The Bodiocasses or Baiocasses were an ancient Gallic tribe of the Roman period. They were a tribal division of the civitas of the Lexovii, in the Roman province of Gallia Lugdunensis.

== Name ==

=== Attestations ===
They are mentioned as Bodiocasses by Pliny (1st c. AD), as Baiocassi by Ausonius (4th c. AD), and as Baiocas in the Notitia Dignitatum (5th c. AD).

In Pliny's Natural History, various manuscripts refer to this tribe as the Vadiocasses, Bodiocasses, or Bodicasses, likely due to a copyist’s mistake.

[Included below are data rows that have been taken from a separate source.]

Lemma P0_col_dot (j k : 'I_n.+1) :
  dotv (col j P) (col k P) = if j == k then 1 else - 1 / n%:R.
Proof.
wlog le_jk : j k / (j <= k)%N.
  move=> wlog_jk; case: (leqP j k) => [/wlog_jk //|/ltnW/wlog_jk].
  by rewrite dotvC eq_sym.
have col_prod i : P i j * P i k = if (i < j)%N then b i ^+ 2
    else if i == j :> nat then a j * (if (j < k)%N then - b j else a j) else 0.
  rewrite !P0E; case: (ltnP i j) => [lt_ij|_].
    by rewrite (leq_trans lt_ij le_jk) mulrNN expr2.
  case: eqP => [eq_ij|_]; last by rewrite mul0r.
  rewrite -eq_ij; case: (ltnP i k) => // le_ki.
  by have -> : i == k :> nat by rewrite eqn_leq le_ki eq_ij le_jk.
rewrite dotvE; under eq_bigr do rewrite [col j P _ _]mxE [col k P _ _]mxE col_prod.
have le_jn : (j <= n)%N by rewrite -ltnS.
have n_pos := n_gt0R.
rewrite (@sum_upper_col _ _ _ (fun i => b i ^+ 2) _ le_jn) (sum_simplex_b_sqr le_jn).
case: (ltnP j n) => [lt_jn|le_nj]; last first.
  have eq_jn : (j : nat) = n by apply/eqP; rewrite eqn_leq le_jn le_nj.
  have -> : j == k by rewrite -val_eqE /= eqn_leq le_jk -ltnS eq_jn ltn_ord.
  by rewrite eq_jn subrr add0r addr0; field; lra.
have nj_gt0 := sub_gt0 lt_jn.
case: (ltnP j k) => [lt_jk|le_kj].
  have -> : (j == k) = false by apply/negbTE; rewrite -val_eqE neq_ltn lt_jk.
  rewrite mulrN (simplex_aE lt_jn) -[_ * b j * b j]mulrA -expr2 (simplex_b_sqr lt_jn).
  by field; lra.
have -> : j == k by rewrite -val_eqE eqn_leq le_jk le_kj.
by rewrite -expr2 (simplex_a_sqr lt_jn); field; lra.
Qed.

Lemma sum_col_P0 : \sum_j col j P = 0.
Proof.
apply/matrixP => i z; rewrite (ord1 z) summxE [RHS]mxE -[RHS](P0_row_sum i).
by apply: eq_bigr => j _; rewrite [col _ _ _ _]mxE.
Qed.

Lemma sum_dotv_col_P0 u : \sum_j dotv (col j P) u = 0.
Proof. by rewrite -dotv_suml sum_col_P0 dotvE big1 // => i _; rewrite mxE mul0r. Qed.

Lemma sum_sqr_dotv_col_P0 u :
  \sum_j dotv (col j P) u ^+ 2 = (n%:R + 1) / n%:R * dotv u u.
Proof.
have -> : \sum_j dotv (col j P) u ^+ 2 = dotv (P^T *m u) (P^T *m u).
  by rewrite dotvE; apply: eq_bigr => j _; rewrite dotv_colE expr2.
rewrite /dotv trmx_mul trmxK mulmxA -(mulmxA u^T) P0_mul_tr mul_mx_scalar.
by rewrite -scalemxAl mxE.
Qed.

Lemma P0_frame_expansion u :
  u = \sum_j (n%:R / (n%:R + 1) * dotv (col j P) u) *: col j P.
Proof.
have n_pos := n_gt0R.
under eq_bigr do rewrite -scalerA dotv_colE.
rewrite -scaler_sumr -mulmx_sum_col mulmxA P0_mul_tr mul_scalar_mx scalerA.
by rewrite [_ * _](_ : _ = 1) ?scale1r //; field; lra.
Qed.

Lemma e1_col_P0 : e1 R n = col ord0 P.
Proof.
apply/matrixP => i z; rewrite (ord1 z) [RHS]mxE P0E mxE /=.
by case: eqP => [->|]; rewrite ?simplex_a0.
Qed.

End UniformSimplex.

Section PerturbedSimplex.
Variables (R : realType) (n : nat) (delta : R).
Hypotheses (n_ge2 : (2 <= n)%N) (delta_ge0 : 0 <= delta) (delta_lt : delta < 1 / n%:R).

Local Notation P := (P0 R n).
Local Notation Pd := (Pdelta n delta).
Local Notation alpha := (alpha_delta n delta).

Let n_gt0 : (0 < n)%N. Proof. exact: leq_trans n_ge2. Qed.
Let n_gt0R : (0 : R) < n%:R. Proof. by rewrite ltr0n. Qed.
Let ndelta_lt1 : n%:R * delta < 1.
Proof. by move: delta_lt; rewrite ltr_pdivlMr // mulrC. Qed.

The Vadicassii (Οὐαδικάσσιοι) cited by Ptolemy in the 2nd century AD are probably a separate tribe, since he places them near the Meldi (Meaux), in the direction of Belgica.

=== Etymology ===
The Gaulish ethnonym Bodiocasses derives from the Proto-Celtic stem *bodyo- ('yellow, blond'; cf. Old Irish buide 'yellow'). The meaning of the second element -casses, attested in other Gaulish ethnonyms such as Durocasses, Sucasses, Tricasses, Veliocasses or Viducasses, has been debated. It has traditionally been interpreted as '(curly) hair, hairstyle' (cf. Old Irish chass 'curl'), perhaps referring to a particular warrior coiffure. On this reading Rudolf Thurneysen compared the name with Old Irish buide-chass ('blond curls') and translated Bodiocasses as 'those who have blond curls/braids'.

Other scholars have instead connected the element with metalworking. Patrizia de Bernardo Stempel interprets the -casses ethnonyms as helmet-names, glossing Bodiocasses as 'those with the shiny (i.e. bronze) helmets' and treating such names as evidence that the metalworking era had begun. Mélanie Mairecolas and Jean-Marie Pailler, who link cass- to 'tin' rather than to 'hair' (cf. Gaulish Cassi-dannos, 'magistrate in charge of bronze coins', Britt. Cassivellaunus, 'Chief-of-Tin'; also Greek κασσίτερος 'tin'), propose instead 'those with the bright, tawny-gleaming metal (tin or bronze)' or, less probably, 'those made bright by the metal'.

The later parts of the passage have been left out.